---------- Supplied material ----------

Lemma big_nat_divmod (F : nat -> C) k N :
  \sum_(0 <= t < k * N) F t = \sum_(0 <= q < N) \sum_(0 <= r < k) F (q * k + r)%N.
Proof.
rewrite mulnC big_nat_mul; apply: eq_bigr => q _.
rewrite -{1}[(q * k)%N]add0n big_addn mulSn addnK.
by apply: eq_bigr => r _; rewrite addnC.
Qed.

Lemma mxn_rowsmx m k (g : nat -> 'cV[C]_k) r c : (r < m)%N ->
  mxn (\matrix_(i < m) (g i)^T) r c = mxn (g r) c 0.
Proof.
move=> hr; case: (ltnP c k) => hc; last by rewrite mxn_out_col // mxn_out_row.
by rewrite (mxn_ord _ hr hc) (mxn_ord (g r) hc (ltn0Sn 0)) !mxE; congr (g r _ _); apply: val_inj.
Qed.

End NatIndexedEntries.

Section BilinearForm.
Variable C : numClosedFieldType.

Definition conjv n (x : 'cV[C]_n) : 'cV[C]_n := map_mx (fun z => z^*) x.

Lemma ctr_conjv n (x : 'cV[C]_n) : ctr (conjv x) = x^T.
Proof. by apply/matrixP => i j; rewrite !mxE conjCK. Qed.

Lemma ctr_tr n (x : 'cV[C]_n) : ctr x^T = conjv x.
Proof. by apply/matrixP => i j; rewrite !mxE. Qed.

Lemma conjv_eq0 n (x : 'cV[C]_n) : (conjv x == 0) = (x == 0).
Proof.
apply/eqP/eqP => [h|->]; last by apply/matrixP => i j; rewrite !mxE conjC0.
by apply/matrixP => i j; move/matrixP/(_ i j): h; rewrite !mxE => /eqP; rewrite conjC_eq0 => /eqP.
Qed.

Lemma mulmx_ecv p n (A : 'M[C]_(p, n)) i (m : 'I_n) : (A *m ecv C n m) i 0 = A i m.
Proof.
rewrite mxE (bigD1 m) //= big1 ?addr0 => [|t /negPf htm]; rewrite !mxE ?eqxx ?mulr1 //.
by rewrite [(_ == _ :> nat)]htm mulr0.
Qed.

Lemma eq_mx_ecv n (A B : 'M[C]_n) :
  (forall m : 'I_n, A *m ecv C n m = B *m ecv C n m) -> A = B.
Proof. by move=> h; apply/matrixP => i m; rewrite -(mulmx_ecv A) -(mulmx_ecv B) h. Qed.

Lemma bil_ecv n x (R : 'M[C]_n) (l : 'I_n) : bil x R (ecv C n l) = (x^T *m R) 0 l.
Proof. by rewrite /bil mulmx_ecv. Qed.

Lemma bil_sum_ecv n x (R : 'M[C]_n) z :
  bil x R z = \sum_(s < n) bil x R (ecv C n s) * z s 0.
Proof. by rewrite {1}/bil mxE; apply: eq_bigr => s _; rewrite bil_ecv. Qed.

Lemma bilBl n x y c (R : 'M[C]_n) z : bil (x - c *: y) R z = bil x R z - c * bil y R z.
Proof. by rewrite /bil linearB /= linearZ /= !mulmxBl -!scalemxAl !mxE. Qed.

Lemma bilBr n x (R : 'M[C]_n) y z : bil x R (y - z) = bil x R y - bil x R z.
Proof. by rewrite /bil mulmxBr !mxE. Qed.

Lemma bil_sumr n x (R : 'M[C]_n) (I : finType) (P : pred I) (c : I -> C) g :
  bil x R (\sum_(j | P j) c j *: g j) = \sum_(j | P j) c j * bil x R (g j).
Proof. by rewrite /bil mulmx_sumr summxE; apply: eq_bigr => j _; rewrite -scalemxAr mxE. Qed.

Lemma bil_row n (D R : 'M[C]_n) i (t : 'I_n) : bil (row i D)^T R (ecv C n t) = (D *m R) i t.
Proof. by rewrite bil_ecv trmxK -row_mul mxE. Qed.

End BilinearForm.

Section PositiveDefinite.
Variable C : numClosedFieldType.
Variables (n : nat) (R : 'M[C]_n).
Hypotheses (Hherm : herm_mx R) (Hpd : posdef R).
Local Notation ecv := (ecv C n).

Lemma bil_conjv_sym (x y : 'cV[C]_n) : bil x R (conjv y) = (bil y R (conjv x))^*.
Proof.
have hermE i j : R i j = (R j i)^* by rewrite -{1}Hherm !mxE.
have bilE u v : bil u R v = \sum_(s < n) \sum_(t < n) u t 0 * R t s * v s 0.
  rewrite /bil mxE; apply: eq_bigr => s _; rewrite mxE mulr_suml.
  by apply: eq_bigr => t _; rewrite !mxE.
rewrite !bilE rmorph_sum /= exchange_big; apply: eq_bigr => s _.
rewrite rmorph_sum; apply: eq_bigr => t _.
by rewrite !rmorphM /= !mxE conjCK [R t s]hermE conjCK; ring.
Qed.

Lemma bil_conjv_gt0 (x : 'cV[C]_n) : x != 0 -> 0 < bil x R (conjv x).
Proof. by rewrite -conjv_eq0 => /Hpd; rewrite ctr_conjv. Qed.

Lemma bil_conjv_eq0 (x : 'cV[C]_n) : bil x R (conjv x) = 0 -> x = 0.
Proof. by move=> h; apply/eqP/negPn/negP => /bil_conjv_gt0; rewrite h ltxx. Qed.

Lemma bil_pivot_gt0 (x : 'cV[C]_n) (t : 'I_n) : x t 0 = 1 ->
  (forall s : 'I_n, s != t -> bil x R (ecv s) * (x s 0)^* = 0) ->
  0 < bil x R (ecv t).
Proof.
move=> xt1 hs.
have x_neq0 : x != 0 by apply: contra_eq_neq xt1 => ->; rewrite mxE eq_sym oner_neq0.
have := bil_conjv_gt0 x_neq0; rewrite bil_sum_ecv (bigD1 t) //= big1 ?addr0.
  by rewrite mxE xt1 conjC1 mulr1.
by move=> s /hs; rewrite mxE.
Qed.

Definition pivot_vec (x : 'cV[C]_n) (k l piv : nat) : Prop :=
  [/\ forall i : 'I_n, ((i < k) || (l < i))%N -> x i 0 = 0,
      forall i : 'I_n, i = piv :> nat -> x i 0 = 1 &
      forall s : 'I_n, (k <= s <= l)%N -> s <> piv :> nat -> bil x R (ecv s) = 0].

Lemma pivot_vec_gt0 x k l piv : (piv < n)%N -> pivot_vec x k l piv -> 0 < bil x R (ecv piv).
Proof.
move=> hpiv [x0 x1 xo]; apply: (@bil_pivot_gt0 x (Ordinal hpiv)); first exact: x1.
move=> s /eqP hs; have {}hs : s <> piv :> nat by move=> e; apply: hs; apply: val_inj.
case: (boolP (k <= s <= l)%N) => hin; first by rewrite xo // mul0r.
by rewrite x0 ?conjC0 ?mulr0 //; move: hin; lia.
Qed.

Lemma levinson_spec d k : (k + d < n)%N ->
  pivot_vec (pq R d k).1 k (k + d) k /\ pivot_vec (pq R d k).2 k (k + d) (k + d).
Proof.
elim: d k => [|d IH] k hk.
  have e_spec : pivot_vec (ecv k) k k k.
    split=> [i hi|i hi|s hs ns]; rewrite ?mxE ?hi ?eqxx //; last by move: hs ns; lia.
    by rewrite (_ : (i == k :> nat) = false) //; apply/eqP; lia.
  by rewrite addn0; split.
have hk1 : (k + d < n)%N by lia.
have hk2 : (k.+1 + d < n)%N by lia.
have [[p0 p1 po] _] := IH k hk1; have [_ [q0 q1 qo]] := IH k.+1 hk2.
rewrite addSnnS in q0 q1 qo *; rewrite /=.
move: (pq R d k).1 (pq R d k.+1).2 p0 p1 po q0 q1 qo => p q p0 p1 po q0 q1 qo.
have vq : bil q R (ecv (k + d.+1)) != 0.
  by rewrite gt_eqF // (pivot_vec_gt0 _ (And3 q0 q1 qo)).
have vp : bil p R (ecv k) != 0.
  by rewrite gt_eqF // (pivot_vec_gt0 _ (And3 p0 p1 po)) //; lia.
split; split.
- by move=> i hi; rewrite !mxE p0 ?q0 ?mulr0 ?subr0 //; lia.
- by move=> i hi; rewrite !mxE p1 // q0 ?mulr0 ?subr0 //; lia.
- move=> s hs ns; rewrite bilBl.
  have [hsl|->] : (s < k + d.+1)%N \/ s = k + d.+1 :> nat by lia.
    by rewrite po ?qo ?mulr0 ?subr0 //; lia.
  by rewrite divfK // subrr.
- by move=> i hi; rewrite !mxE p0 ?q0 ?mulr0 ?subr0 //; lia.
- by move=> i hi; rewrite !mxE q1 ?p0 ?mulr0 ?subr0 //; lia.
- move=> s hs ns; rewrite bilBl.
  have [hsk|->] : (k < s)%N \/ s = k :> nat by lia.
    by rewrite po ?qo ?mulr0 ?subr0 //; lia.
  by rewrite divfK // subrr.
Qed.

Lemma pvec_spec k l : (k <= l < n)%N -> pivot_vec (pvec R k l) k l k.
Proof. by case/andP=> hkl hl; have [] := @levinson_spec (l - k) k; rewrite subnKC. Qed.

Lemma qvec_spec k l : (k <= l < n)%N -> pivot_vec (qvec R k l) k l l.
Proof. by case/andP=> hkl hl; have [] := @levinson_spec (l - k) k; rewrite subnKC. Qed.

Lemma vcoef'_gt0 k l : (k <= l < n)%N -> 0 < vcoef' R k l.
Proof. by move=> hkl; apply: pivot_vec_gt0 (pvec_spec hkl); lia. Qed.

Lemma vcoef_gt0 k l : (k <= l < n)%N -> 0 < vcoef R k l.
Proof. by move=> hkl; apply: pivot_vec_gt0 (qvec_spec hkl); lia. Qed.

(* [W] is the inverse of the principal submatrix of [R] on [I], padded with zeros. *)
Definition inv_on (I : pred nat) (W : 'M[C]_n) : Prop :=
  (forall a b : 'I_n, ~~ I b -> W a b = 0) /\
  (forall m : 'I_n, I m -> W *m R *m ecv m = ecv m).

Lemma inv_on_uniq I W1 W2 : inv_on I W1 -> inv_on I W2 -> W1 = W2.
Proof.
move=> [s1 c1] [s2 c2]; apply/matrixP => i s; apply/eqP; rewrite -subr_eq0.
pose D := W1 - W2.
have D_col (t : 'I_n) : ~~ I t -> D i t = 0 by move=> ht; rewrite !mxE s1 ?s2 ?subrr.
have DR_col (t : 'I_n) : I t -> (D *m R) i t = 0.
  by move=> ht; rewrite -mulmx_ecv !mulmxBl c1 // c2 // subrr mxE.
have : (row i D)^T = 0.
  apply: bil_conjv_eq0; rewrite bil_sum_ecv big1 // => t _.
  case: (boolP (I t)) => ht; first by rewrite bil_row DR_col // mul0r.
  by rewrite 2!mxE [row _ _ _ _]mxE D_col // conjC0 mulr0.
by move/matrixP/(_ s 0); rewrite !mxE => ->.
Qed.

Lemma inv_on_invmx (I : pred nat) W : (forall i : 'I_n, I i) -> inv_on I W -> invmx R = W.
Proof.
move=> hI [_ hc].
have WR : W *m R = 1%:M by apply: eq_mx_ecv => m; rewrite hc // mul1mx.
have [_ uR] := mulmx1_unit WR.
by rewrite -[W]mulmx1 -(mulmxV uR) mulmxA WR mul1mx.
Qed.

Section OrthogonalFamily.
Variables (I : pred nat) (rk : 'I_n -> nat) (f : 'I_n -> 'cV[C]_n).
Hypothesis rk_inj : injective rk.
Hypothesis f_supp : forall j s : 'I_n, I j -> ~~ I s || (rk s < rk j)%N -> f j s 0 = 0.
Hypothesis f_pivot : forall j : 'I_n, I j -> f j j 0 = 1.
Hypothesis f_orth : forall j s : 'I_n, I j -> (rk j < rk s)%N -> bil (f j) R (ecv s) = 0.

Definition family_pivot (j : 'I_n) := bil (f j) R (ecv j).

Definition dyad_sum : 'M[C]_n :=
  \sum_(j : 'I_n | I j) (family_pivot j)^-1 *: (conjv (f j) *m (f j)^T).

Lemma family_offdiag (j s : 'I_n) : I j -> s != j -> bil (f j) R (ecv s) * (f j s 0)^* = 0.
Proof.
move=> Ij sj; case: (ltngtP (rk j) (rk s)) => h.
- by rewrite f_orth // mul0r.
- by rewrite f_supp ?h ?orbT // conjC0 mulr0.
- by move/rk_inj: h sj => ->; rewrite eqxx.
Qed.

Lemma family_pivot_neq0 (j : 'I_n) : I j -> family_pivot j != 0.
Proof.
by move=> Ij; rewrite gt_eqF // bil_pivot_gt0 ?f_pivot // => s; apply: family_offdiag.
Qed.

Lemma bil_family (i j : 'I_n) : I i -> I j ->
  bil (f i) R (conjv (f j)) = if i == j then family_pivot i else 0.
Proof.
have bil_lt (u v : 'I_n) : I u -> I v -> (rk u < rk v)%N -> bil (f u) R (conjv (f v)) = 0.
  move=> Iu Iv h; rewrite bil_sum_ecv big1 // => s _; rewrite mxE.
  case: (ltnP (rk u) (rk s)) => h2; first by rewrite f_orth // mul0r.
  by rewrite f_supp ?conjC0 ?mulr0 //; apply/orP; right; apply: leq_ltn_trans h2 h.
move=> Ii Ij; case: eqP => [<-|ne].
  rewrite bil_sum_ecv (bigD1 i) //= big1 ?addr0; first by rewrite mxE f_pivot // conjC1 mulr1.
  by move=> s si; rewrite mxE family_offdiag.
case: (ltngtP (rk i) (rk j)) => h; first exact: bil_lt.
  by rewrite bil_conjv_sym bil_lt // conjC0.
by move/rk_inj: h ne.
Qed.

Lemma family_coord_eq0 (z : 'cV[C]_n) : (forall s : 'I_n, ~~ I s -> z s 0 = 0) ->
  (forall i : 'I_n, I i -> bil (f i) R z = 0) -> z = 0.
Proof.
move=> z_supp z_orth.
suff z_lt t (s : 'I_n) : (rk s < t)%N -> z s 0 = 0.
  by apply/matrixP => s c; rewrite [c]ord1 mxE; apply: (z_lt (rk s).+1).
elim: t s => [//|t IH] s hs.
case: (ltnP (rk s) t) => h; first exact: IH.
case: (boolP (I s)) => Is; last exact: z_supp.
have := z_orth s Is; rewrite bil_sum_ecv (bigD1 s) //= big1 ?addr0.
  by move/eqP; rewrite mulf_eq0 (negbTE (family_pivot_neq0 Is)) => /eqP.
move=> u us; case: (ltngtP (rk s) (rk u)) => h2.
- by rewrite f_orth // mul0r.
- by rewrite IH ?mulr0 //; lia.
- by move/rk_inj: h2 us => ->; rewrite eqxx.
Qed.

Lemma dyad_sum_inv_on : inv_on I dyad_sum.
Proof.
split=> [a b Ib|m Im].
  rewrite summxE big1 // => j Ij.
  by rewrite !mxE big_ord1 !mxE (f_supp (s := b)) ?Ib // !mulr0.
pose c (j : 'I_n) := bil (f j) R (ecv m) / family_pivot j.
have -> : dyad_sum *m R *m ecv m = \sum_(j : 'I_n | I j) c j *: conjv (f j).
  rewrite !mulmx_suml; apply: eq_bigr => j Ij.
  rewrite -!scalemxAl -!mulmxA.
  have -> : (f j)^T *m (R *m ecv m) = (bil (f j) R (ecv m))%:M.
    by apply/matrixP => a b; rewrite [a]ord1 [b]ord1 mulmxA [RHS]mxE eqxx mulr1n.
  by rewrite -scalemx1 -scalemxAr mulmx1 scalerA /c mulrC.
apply/eqP; rewrite -subr_eq0; apply/eqP; apply: family_coord_eq0.
- move=> s Is; rewrite !mxE summxE big1 => [|j Ij]; last first.
    by rewrite !mxE f_supp ?Is // conjC0 mulr0.
  rewrite (_ : (s == m :> nat) = false) ?subrr //.
  by apply: contraNF Is => /eqP e; rewrite e.
- move=> i Ii; rewrite bilBr bil_sumr (bigD1 i) //= big1 ?addr0 => [|j /andP [Ij ne]].
    by rewrite bil_family // eqxx /c divfK ?family_pivot_neq0 // subrr.
  by rewrite bil_family // eq_sym (negbTE ne) mulr0.
Qed.

End OrthogonalFamily.

End PositiveDefinite.

Section Shift.
Variables (C : numClosedFieldType) (n : nat).

(* [S^k M (S^k)^T] for the down-shift [S]. *)
Definition shiftmx k (M : 'M[C]_n) : 'M[C]_n :=
  \matrix_(i, j) if ((k <= i) && (k <= j))%N then mxn M (i - k) (j - k) else 0.

Lemma mxn_shiftmx k M a b : (a < n)%N -> (b < n)%N ->
  mxn (shiftmx k M) a b = if ((k <= a) && (k <= b))%N then mxn M (a - k) (b - k) else 0.
Proof. by move=> ha hb; rewrite (mxn_ord _ ha hb) mxE. Qed.

Lemma shiftmxD k A B : shiftmx k (A + B) = shiftmx k A + shiftmx k B.
Proof. by apply/matrixP => i j; rewrite !mxE mxnD; case: ifP; rewrite ?addr0. Qed.

Lemma shiftmxB k A B : shiftmx k (A - B) = shiftmx k A - shiftmx k B.
Proof. by apply/matrixP => i j; rewrite !mxE mxnB; case: ifP; rewrite ?subr0. Qed.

----------

= Exercise instructions =
Reproduce the records above exactly, from the first line to the line that holds "(forall m : 'I_n, A", inclusive, and omit everything after it.

= Written answer =
Lemma big_nat_divmod (F : nat -> C) k N :
  \sum_(0 <= t < k * N) F t = \sum_(0 <= q < N) \sum_(0 <= r < k) F (q * k + r)%N.
Proof.
rewrite mulnC big_nat_mul; apply: eq_bigr => q _.
rewrite -{1}[(q * k)%N]add0n big_addn mulSn addnK.
by apply: eq_bigr => r _; rewrite addnC.
Qed.

Lemma mxn_rowsmx m k (g : nat -> 'cV[C]_k) r c : (r < m)%N ->
  mxn (\matrix_(i < m) (g i)^T) r c = mxn (g r) c 0.
Proof.
move=> hr; case: (ltnP c k) => hc; last by rewrite mxn_out_col // mxn_out_row.
by rewrite (mxn_ord _ hr hc) (mxn_ord (g r) hc (ltn0Sn 0)) !mxE; congr (g r _ _); apply: val_inj.
Qed.

End NatIndexedEntries.

Section BilinearForm.
Variable C : numClosedFieldType.

Definition conjv n (x : 'cV[C]_n) : 'cV[C]_n := map_mx (fun z => z^*) x.

Lemma ctr_conjv n (x : 'cV[C]_n) : ctr (conjv x) = x^T.
Proof. by apply/matrixP => i j; rewrite !mxE conjCK. Qed.

Lemma ctr_tr n (x : 'cV[C]_n) : ctr x^T = conjv x.
Proof. by apply/matrixP => i j; rewrite !mxE. Qed.

Lemma conjv_eq0 n (x : 'cV[C]_n) : (conjv x == 0) = (x == 0).
Proof.
apply/eqP/eqP => [h|->]; last by apply/matrixP => i j; rewrite !mxE conjC0.
by apply/matrixP => i j; move/matrixP/(_ i j): h; rewrite !mxE => /eqP; rewrite conjC_eq0 => /eqP.
Qed.

Lemma mulmx_ecv p n (A : 'M[C]_(p, n)) i (m : 'I_n) : (A *m ecv C n m) i 0 = A i m.
Proof.
rewrite mxE (bigD1 m) //= big1 ?addr0 => [|t /negPf htm]; rewrite !mxE ?eqxx ?mulr1 //.
by rewrite [(_ == _ :> nat)]htm mulr0.
Qed.

Lemma eq_mx_ecv n (A B : 'M[C]_n) :
  (forall m : 'I_n, A *m ecv C n m = B *m ecv C n m) -> A = B.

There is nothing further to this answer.